Learning Artificial Intelligence from Zero - Python-Pytorch Learning (II)

preamble

The study of math is separate from the computation of math, and now when you go back and look at high math and linear algebra in college, if you just study it, it's actually a 3 day course and you're done with it.
The reason school classes take so long is really for exams, which means preparation for calculations. Calculations that make sense don't make a lot of sense when there are computers.
So, if you didn't do well in college math, it only takes a week to make up for it. Even if you didn't go to college, if you went to middle school, again, it only takes a week to learn high math and linear algebra.
But, the problem is that there is no one to give you lessons like this, and there is no such information for you to learn. At least there is no such information for learning in the country, which is full of learning patterns that delay our learning efficiency.

Gradient

The previous post introduced a bit of gradient, forward propagation, and backward propagation. Here's a little more detail.
Don't be intimidated by these terms, the essence of all terms is to summarize, and the terms that summarize are, in fact, the ones that hinder our learning the most; we have to hate it, but we don't have to be afraid of it.
Let's first look at the use of the parameter requires_grad, the code is as follows:

print("============ finding gradient 1 ==============")
a = (3) # Here is randn not rand : Generate random numbers that follow a standard normal distribution (mean 0, standard deviation 1).  : Generate random numbers that follow a uniform distribution (in the interval [0, 1)).
print(a)
b=a+2
print(b) # Output tensor is the result of a+2 calculation
x = (3,requires_grad=True) # Here it is randn not rand
print(x)
y=x+2
print(y) # Output tensor is the result of x+2 calculation, also record the function, grad_fn=<AddBackward0> means it is an additive function grad=gradient fn=Function

Here a and x are the modes where requires_grad is turned on and where requires_grad is not started, respectively. As shown below:

x with requires_grad turned on has an additional attribute requires_grad=True.
After y=x+2 calculated y, there is an additional attribute grad_fn=< AddBackward0 >, where grad=gradient fn=Function, which means gradient function; and Add in there means addition.
And this y=x+2, this calculation is the forward propagation, and the forward propagation is this bunch of functions that we've defined.

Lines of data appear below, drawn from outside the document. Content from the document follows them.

(* Let $\mathbb X=\langle X,\rho\rangle$ be the Rado graph (countable random graph; $\rho$ symmetric irreflexive), let $x,y\in X$ with $\langle x,y\rangle\in\rho$, and let $\mathbb Y=\langle X,\sigma\rangle$ where $\sigma=\rho\setminus\{\langle x,y\rangle\}$. Then $\mathbb X\sim_c\mathbb Y$ and $\mathbb X\not\equiv\mathbb Y$.
   Context: The language has one binary relation symbol. A condensation from $\langle X,\rho\rangle$ onto $\langle Y,\sigma\rangle$ is a bijection $F:X\to Y$ with $\langle a,b\rangle\in\rho\Rightarrow\langle F(a),F(b)\rangle\in\sigma$; $\mathbb X\sim_c\mathbb Y$ means condensations exist in both directions. $\equiv$ denotes first order elementary equivalence. *)

From Stdlib Require Import List Arith.
Import ListNotations.

Definition countable (X : Type) : Prop :=
  exists f : X -> nat, forall a b, f a = f b -> a = b.

Definition is_rado_graph (X : Type) (rho : X -> X -> Prop) : Prop :=
  countable X /\
  (forall a b, rho a b -> rho b a) /\
  (forall a, ~ rho a a) /\
  (forall U V : list X, (forall u, In u U -> ~ In u V) ->
     exists z, ~ In z U /\ ~ In z V /\
       (forall u, In u U -> rho z u) /\ (forall v, In v V -> ~ rho z v)).

Definition condensation {X Y : Type} (rho : X -> X -> Prop) (sigma : Y -> Y -> Prop)
  (F : X -> Y) : Prop :=
  (forall a b, F a = F b -> a = b) /\ (forall c, exists a, F a = c) /\
  (forall a b, rho a b -> sigma (F a) (F b)).

Definition condensable {X Y : Type} (rho : X -> X -> Prop) (sigma : Y -> Y -> Prop) : Prop :=
  exists F : X -> Y, condensation rho sigma F.

Definition cond_equiv {X Y : Type} (rho : X -> X -> Prop) (sigma : Y -> Y -> Prop) : Prop :=
  condensable rho sigma /\ condensable sigma rho.

(* First-order logic with equality and one binary relation symbol R.
   Variables are named by natural numbers. *)
Inductive form : Type :=
| FEq  : nat -> nat -> form
| FRel : nat -> nat -> form
| FBot : form
| FImp : form -> form -> form
| FAll : nat -> form -> form.

Definition upd {X : Type} (e : nat -> X) (i : nat) (a : X) : nat -> X :=
  fun j => if Nat.eqb j i then a else e j.

Fixpoint sat {X : Type} (rho : X -> X -> Prop) (e : nat -> X) (f : form) : Prop :=
  match f with
  | FEq i j => e i = e j
  | FRel i j => rho (e i) (e j)
  | FBot => False
  | FImp f g => sat rho e f -> sat rho e g
  | FAll i f => forall a : X, sat rho (upd e i a) f
  end.

Fixpoint free (k : nat) (f : form) : Prop :=
  match f with
  | FEq i j | FRel i j => k = i \/ k = j
  | FBot => False
  | FImp f g => free k f \/ free k g
  | FAll i f => k <> i /\ free k f
  end.

Definition sentence (f : form) : Prop := forall k, ~ free k f.

Definition models {X : Type} (rho : X -> X -> Prop) (f : form) : Prop :=
  forall e : nat -> X, sat rho e f.

Definition elem_equiv {X Y : Type} (rho : X -> X -> Prop) (sigma : Y -> Y -> Prop) : Prop :=
  forall f, sentence f -> (models rho f <-> models sigma f).

From Stdlib Require Import List Lia ClassicalEpsilon.
Import ListNotations.

(* Deleting both orientations of the edge {x, y} leaves a Rado graph, because
   extension witnesses can always be chosen outside {x, y}. By back and forth
   this graph is isomorphic to rho, and the isomorphism is a condensation of
   rho onto sigma, which contains it; the identity condenses sigma onto rho.
   Since sigma keeps (y, x) but not (x, y), it falsifies the symmetry sentence
   which rho satisfies. *)

Definition extension_property {X : Type} (r : X -> X -> Prop) : Prop :=
  forall U V : list X, (forall u, In u U -> ~ In u V) ->
  exists z, ~ In z U /\ ~ In z V /\
    (forall u, In u U -> r z u) /\ (forall v, In v V -> ~ r z v).

Lemma inhabited_of_extension_property {X : Type} (r : X -> X -> Prop) :
  extension_property r -> inhabited X.
Proof. intros Hr; destruct (Hr [] []) as [z _]; [intros _ []|exact (inhabits z)]. Qed.

Definition graph_iso {X Y : Type} (r : X -> X -> Prop) (s : Y -> Y -> Prop)
  (F : X -> Y) : Prop :=
  (forall a b, F a = F b -> a = b) /\ (forall c, exists a, F a = c) /\
  (forall a b, r a b <-> s (F a) (F b)).

Lemma condensation_of_graph_iso {X Y : Type} (r : X -> X -> Prop) (s : Y -> Y -> Prop)
  (F : X -> Y) : graph_iso r s F -> condensation r s F.
Proof. intros (Finj & Fsurj & Fhom); repeat split; auto; apply Fhom. Qed.

Lemma condensation_weaken {X Y : Type} (r : X -> X -> Prop) (s s' : Y -> Y -> Prop)
  (F : X -> Y) :
  (forall a b, s a b -> s' a b) -> condensation r s F -> condensation r s' F.
Proof. intros Hss' (Finj & Fsurj & Fhom); repeat split; auto. Qed.

Lemma condensation_id {X : Type} (r s : X -> X -> Prop) :
  (forall a b, r a b -> s a b) -> condensation r s (fun a => a).
Proof. repeat split; eauto. Qed.

Section PartialIso.
Variables (X Y : Type) (r : X -> X -> Prop) (s : Y -> Y -> Prop).

Definition coherent (a : X) (b : Y) (a' : X) (b' : Y) : Prop :=
  (a = a' <-> b = b') /\ (r a a' <-> s b b').

Definition partial_iso (L : list (X * Y)) : Prop :=
  forall a b a' b', In (a, b) L -> In (a', b') L -> coherent a b a' b'.

Lemma partition_by_relation (a : X) (L : list (X * Y)) :
  exists U V : list Y,
    (forall b, In b U <-> exists a', In (a', b) L /\ r a a') /\
    (forall b, In b V <-> exists a', In (a', b) L /\ ~ r a a').
Proof.
  set (P (p : X * Y) := if excluded_middle_informative (r a (fst p)) then true else false).
  exists (map snd (filter P L)), (map snd (filter (fun p => negb (P p)) L)).
  split; intro b; rewrite in_map_iff; setoid_rewrite filter_In; unfold P;
    split; [intros ([a' b'] & <- & Hin & HP)|intros (a' & Hin & Ha')
           |intros ([a' b'] & <- & Hin & HP)|intros (a' & Hin & Ha')];
    simpl in *; try (exists (a', b); simpl);
    destruct excluded_middle_informative; eauto; discriminate.
Qed.

Hypotheses (rsym : forall a b, r a b -> r b a) (ssym : forall a b, s a b -> s b a).
Hypotheses (rirr : forall a, ~ r a a) (sirr : forall b, ~ s b b).

Lemma coherent_sym a b a' b' : coherent a b a' b' -> coherent a' b' a b.
Proof.
  intros [[Hab Hba] [Hr Hs]]; repeat split; intros H.
  - symmetry; apply Hab; congruence.
  - symmetry; apply Hba; congruence.
  - apply ssym, Hr, rsym, H.
  - apply rsym, Hs, ssym, H.
Qed.

Lemma partial_iso_cons L a b :
  partial_iso L ->
  (forall a' b', In (a', b') L -> coherent a b a' b') ->
  partial_iso ((a, b) :: L).
Proof.
  intros HL Hab a1 b1 a2 b2 [E1|H1] [E2|H2];
    try injection E1 as <- <-; try injection E2 as <- <-; auto.
  - split; split; intros H; auto; [exfalso; exact (rirr _ H)|exfalso; exact (sirr _ H)].
  - now apply coherent_sym, Hab.
Qed.

Lemma partial_iso_forth L a :
  extension_property s -> partial_iso L -> exists b, partial_iso ((a, b) :: L).
Proof.
  intros sext HL.
  destruct (classic (exists b, In (a, b) L)) as [[b Hb]|Hnew].
  { exists b; apply partial_iso_cons; auto. }
  destruct (partition_by_relation a L) as (U & V & HU & HV).
  destruct (sext U V) as (z & zU & zV & HzU & HzV).
  { intros b HbU HbV.
    apply HU in HbU as (a1 & H1 & R1); apply HV in HbV as (a2 & H2 & R2).
    assert (a1 = a2) as <- by now apply (HL _ _ _ _ H1 H2).
    contradiction. }
  exists z; apply partial_iso_cons; auto.
  intros a' b' H'.
  destruct (classic (r a a')) as [R|R].
  - assert (In b' U) by (apply HU; eauto).
    split; split; intros E; subst; auto; exfalso; eauto.
  - assert (In b' V) by (apply HV; eauto).
    split; split; intros E; subst; try contradiction; exfalso; eauto.
    eapply HzV; eauto.
Qed.

End PartialIso.

Arguments coherent {X Y}.
Arguments partial_iso {X Y}.

Definition swap {X Y : Type} (L : list (X * Y)) : list (Y * X) :=
  map (fun p => (snd p, fst p)) L.

Lemma swap_involutive {X Y : Type} (L : list (X * Y)) : swap (swap L) = L.
Proof. induction L as [|[a b] L IH]; simpl; congruence. Qed.

Lemma in_swap {X Y : Type} (L : list (X * Y)) a b : In (b, a) (swap L) <-> In (a, b) L.
Proof.
  unfold swap; rewrite in_map_iff; split.
  - now intros ([a' b'] & [= <- <-] & H).
  - intros H; now exists (a, b).
Qed.

Lemma partial_iso_swap {X Y : Type} (r : X -> X -> Prop) (s : Y -> Y -> Prop) L :
  partial_iso r s L -> partial_iso s r (swap L).
Proof.
  intros HL b a b' a' H H'; rewrite in_swap in H, H'.
  destruct (HL _ _ _ _ H H') as [[] []]; repeat split; auto.
Qed.

Lemma partial_iso_back {X Y : Type} (r : X -> X -> Prop) (s : Y -> Y -> Prop) L b :
  (forall a a', r a a' -> r a' a) -> (forall b b', s b b' -> s b' b) ->
  (forall a, ~ r a a) -> (forall b, ~ s b b) ->
  extension_property r -> partial_iso r s L -> exists a, partial_iso r s ((a, b) :: L).
Proof.
  intros rsym ssym rirr sirr rext HL.
  destruct (partial_iso_forth _ _ s r ssym rsym sirr rirr (swap L) b rext
              (partial_iso_swap r s L HL)) as [a Ha].
  exists a; rewrite <- swap_involutive; exact (partial_iso_swap s r _ Ha).
Qed.

Lemma graph_iso_of_coherent_relation {X Y : Type} (r : X -> X -> Prop) (s : Y -> Y -> Prop)
  (G : X -> Y -> Prop) :
  inhabited Y ->
  (forall a b a' b', G a b -> G a' b' -> coherent r s a b a' b') ->
  (forall a, exists b, G a b) -> (forall b, exists a, G a b) ->
  exists F, graph_iso r s F.
Proof.
  intros inhY Gcoh Gtotal Gonto.
  set (F a := epsilon inhY (G a)).
  assert (HF : forall a, G a (F a)) by (intro a; exact (epsilon_spec inhY (G a) (Gtotal a))).
  exists F; split; [|split].
  - intros a a' E; apply (Gcoh _ _ _ _ (HF a) (HF a')), E.
  - intros c; destruct (Gonto c) as [a Ha]; exists a.
    apply (Gcoh _ _ _ _ (HF a) Ha); reflexivity.
  - intros a a'; apply (Gcoh _ _ _ _ (HF a) (HF a')).
Qed.

Definition decode {X : Type} (inh : inhabited X) (f : X -> nat) (n : nat) : X :=
  epsilon inh (fun a => f a = n).

Lemma decode_encode {X : Type} (inh : inhabited X) (f : X -> nat) a :
  (forall a b, f a = f b -> a = b) -> decode inh f (f a) = a.
Proof.
  intros finj; apply finj; unfold decode.
  apply (epsilon_spec inh (fun c => f c = f a)); eauto.
Qed.

Section BackAndForth.
Variables (X Y : Type) (r : X -> X -> Prop) (s : Y -> Y -> Prop).
Hypotheses (rsym : forall a b, r a b -> r b a) (ssym : forall a b, s a b -> s b a).
Hypotheses (rirr : forall a, ~ r a a) (sirr : forall b, ~ s b b).
Hypotheses (rext : extension_property r) (sext : extension_property s).
Variables (fX : X -> nat) (fY : Y -> nat).
Hypotheses (fX_inj : forall a b, fX a = fX b -> a = b) (fY_inj : forall a b, fY a = fY b -> a = b).

Let inhX : inhabited X := inhabited_of_extension_property r rext.
Let inhY : inhabited Y := inhabited_of_extension_property s sext.

Definition forth_step (L : list (X * Y)) (a : X) : Y :=
  epsilon inhY (fun b => partial_iso r s ((a, b) :: L)).

Definition back_step (L : list (X * Y)) (b : Y) : X :=
  epsilon inhX (fun a => partial_iso r s ((a, b) :: L)).

(* When [n] is not a code, [decode] returns an arbitrary element; that is
   harmless, every stage is a partial isomorphism whatever is added. *)
Fixpoint approx (n : nat) : list (X * Y) :=
  match n with
  | 0 => []
  | S n =>
      let a := decode inhX fX n in
      let b := decode inhY fY n in
      let L := (a, forth_step (approx n) a) :: approx n in
      (back_step L b, b) :: L
  end.

Lemma approx_partial_iso n : partial_iso r s (approx n).
Proof.
  induction n as [|n IH]; simpl; [intros ? ? ? ? []|].
  assert (Hf : forall L a, partial_iso r s L -> partial_iso r s ((a, forth_step L a) :: L))
    by (intros L a HL; exact (epsilon_spec inhY _ (partial_iso_forth X Y r s rsym ssym
                                                       rirr sirr L a sext HL))).
  assert (Hb : forall L b, partial_iso r s L -> partial_iso r s ((back_step L b, b) :: L))
    by (intros L b HL; exact (epsilon_spec inhX _ (partial_iso_back r s L b rsym ssym
                                                       rirr sirr rext HL))).
  auto.
Qed.

Lemma approx_incl n m : n <= m -> incl (approx n) (approx m).
Proof. induction 1; [apply incl_refl|simpl; auto using incl_tl]. Qed.

Definition limit (a : X) (b : Y) : Prop := exists n, In (a, b) (approx n).

Lemma limit_coherent a b a' b' : limit a b -> limit a' b' -> coherent r s a b a' b'.
Proof.
  intros [n H] [n' H'].
  apply (approx_partial_iso (max n n'));
    [apply (approx_incl n)|apply (approx_incl n')]; auto; lia.
Qed.

Lemma limit_total a : exists b, limit a b.
Proof. eexists; exists (S (fX a)); simpl; rewrite decode_encode by auto; auto. Qed.

Lemma limit_onto b : exists a, limit a b.
Proof. eexists; exists (S (fY b)); simpl; rewrite decode_encode by auto; auto. Qed.

End BackAndForth.

Theorem rado_graph_unique (X Y : Type) (r : X -> X -> Prop) (s : Y -> Y -> Prop) :
  is_rado_graph X r -> is_rado_graph Y s -> exists F, graph_iso r s F.
Proof.
  intros ([fX fX_inj] & rsym & rirr & rext) ([fY fY_inj] & ssym & sirr & sext).
  apply (graph_iso_of_coherent_relation r s
           (limit X Y r s rext sext fX fY)).
  - exact (inhabited_of_extension_property s sext).
  - now apply limit_coherent.
  - apply limit_total; auto.
  - apply limit_onto; auto.
Qed.

Definition remove_edge {X : Type} (r : X -> X -> Prop) (x y : X) (a b : X) : Prop :=
  r a b /\ ~ (a = x /\ b = y) /\ ~ (a = y /\ b = x).

Lemma extension_property_avoiding {X : Type} (r : X -> X -> Prop) (W : list X) :
  extension_property r ->
  forall U V : list X, (forall u, In u U -> ~ In u V) ->
  exists z, ~ In z U /\ ~ In z V /\ ~ In z W /\
    (forall u, In u U -> r z u) /\ (forall v, In v V -> ~ r z v).
Proof.
  intros rext; induction W as [|w W IH]; intros U V HUV.
  - destruct (rext U V HUV) as (z & ?); exists z; simpl; tauto.
  - destruct (classic (In w U)) as [Hw|Hw].
    + destruct (IH U V HUV) as (z & zU & zV & zW & Hz).
      exists z; simpl; repeat split; try tauto.
      intros [<-|]; contradiction.
    + destruct (IH U (w :: V)) as (z & zU & zV & zW & HzU & HzV).
      { intros u Hu [<-|]; [contradiction|eapply HUV; eauto]. }
      exists z; simpl in *; repeat split; try tauto; auto.
Qed.

Lemma is_rado_graph_remove_edge {X : Type} (r : X -> X -> Prop) (x y : X) :
  is_rado_graph X r -> is_rado_graph X (remove_edge r x y).
Proof.
  intros (Hc & rsym & rirr & rext).
  split; [exact Hc|split; [|split]].
  - intros a b (R & H1 & H2); repeat split; auto; tauto.
  - intros a (R & _); exact (rirr a R).
  - intros U V HUV.
    destruct (extension_property_avoiding r [x; y] rext U V HUV)
      as (z & zU & zV & zxy & HzU & HzV).
    exists z; simpl in zxy; repeat split; auto.
    + intros [<- _]; tauto.
    + intros [<- _]; tauto.
    + intros v Hv (R & _); exact (HzV v Hv R).
Qed.

Definition symmetry_sentence : form := FAll 0 (FAll 1 (FImp (FRel 0 1) (FRel 1 0))).

Lemma sentence_symmetry_sentence : sentence symmetry_sentence.
Proof. intros k; simpl; lia. Qed.

Lemma models_symmetry_sentence {X : Type} (r : X -> X -> Prop) :
  models r symmetry_sentence <-> (forall a b, r a b -> r b a).
Proof.
  split.
  - intros H a b; exact (H (fun _ => a) a b).
  - intros H e a b; exact (H a b).
Qed.

Theorem mainTheorem13 (X : Type) (rho : X -> X -> Prop) (x y : X)
  (Hrado : is_rado_graph X rho) (Hxy : rho x y) :
  let sigma := fun a b : X => rho a b /\ ~ (a = x /\ b = y) in
  cond_equiv rho sigma /\ ~ elem_equiv rho sigma.
Proof.
  intros sigma.
  pose proof Hrado as (_ & rsym & rirr & _).
  assert (Hyx : y <> x) by (intros ->; exact (rirr x Hxy)).
  destruct (rado_graph_unique X X rho (remove_edge rho x y) Hrado
              (is_rado_graph_remove_edge rho x y Hrado)) as [F HF].
  split; [split|].
  - exists F; apply (condensation_weaken _ (remove_edge rho x y));
      [intros a b (R & H & _); split; auto|now apply condensation_of_graph_iso].
  - exists (fun a => a); apply condensation_id; intros a b []; auto.
  - intros Hequiv.
    assert (sigma_sym : forall a b, sigma a b -> sigma b a).
    { apply models_symmetry_sentence, Hequiv, models_symmetry_sentence;
        [apply sentence_symmetry_sentence|exact rsym]. }
    destruct (sigma_sym y x) as [_ Hn]; [split; auto; tauto|tauto].
Qed.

Introduction to the Normal Distribution

The normal distribution was mentioned above and is briefly explained here.
Normal Distribution A distribution is said to have a mean of 0 if it is centered on 0. If the mean is 0 and the standard deviation is 1, the distribution of data points across intervals follows the 68-95-99.7 rule
Mean 0, standard deviation 1 (data in 68% [-1, 1] 95% [-2, 2] 99.7% [-3, 3]). That is, the data is centered on 0 and spreads out in both directions, with 68% of the data points lying within 1 standard deviation of the mean (i.e., the [-1, 1] interval) 95% of the data points lie within 2 standard deviations of the mean (i.e., the [-2, 2] interval). 99.7% of the data points lie within 3 standard deviations of the mean (i.e., the [-3, 3] interval).
(mean 0, standard deviation 2, data at 68% [-2, 2] 95% [-4, 4] 99.7% [-6, 6]).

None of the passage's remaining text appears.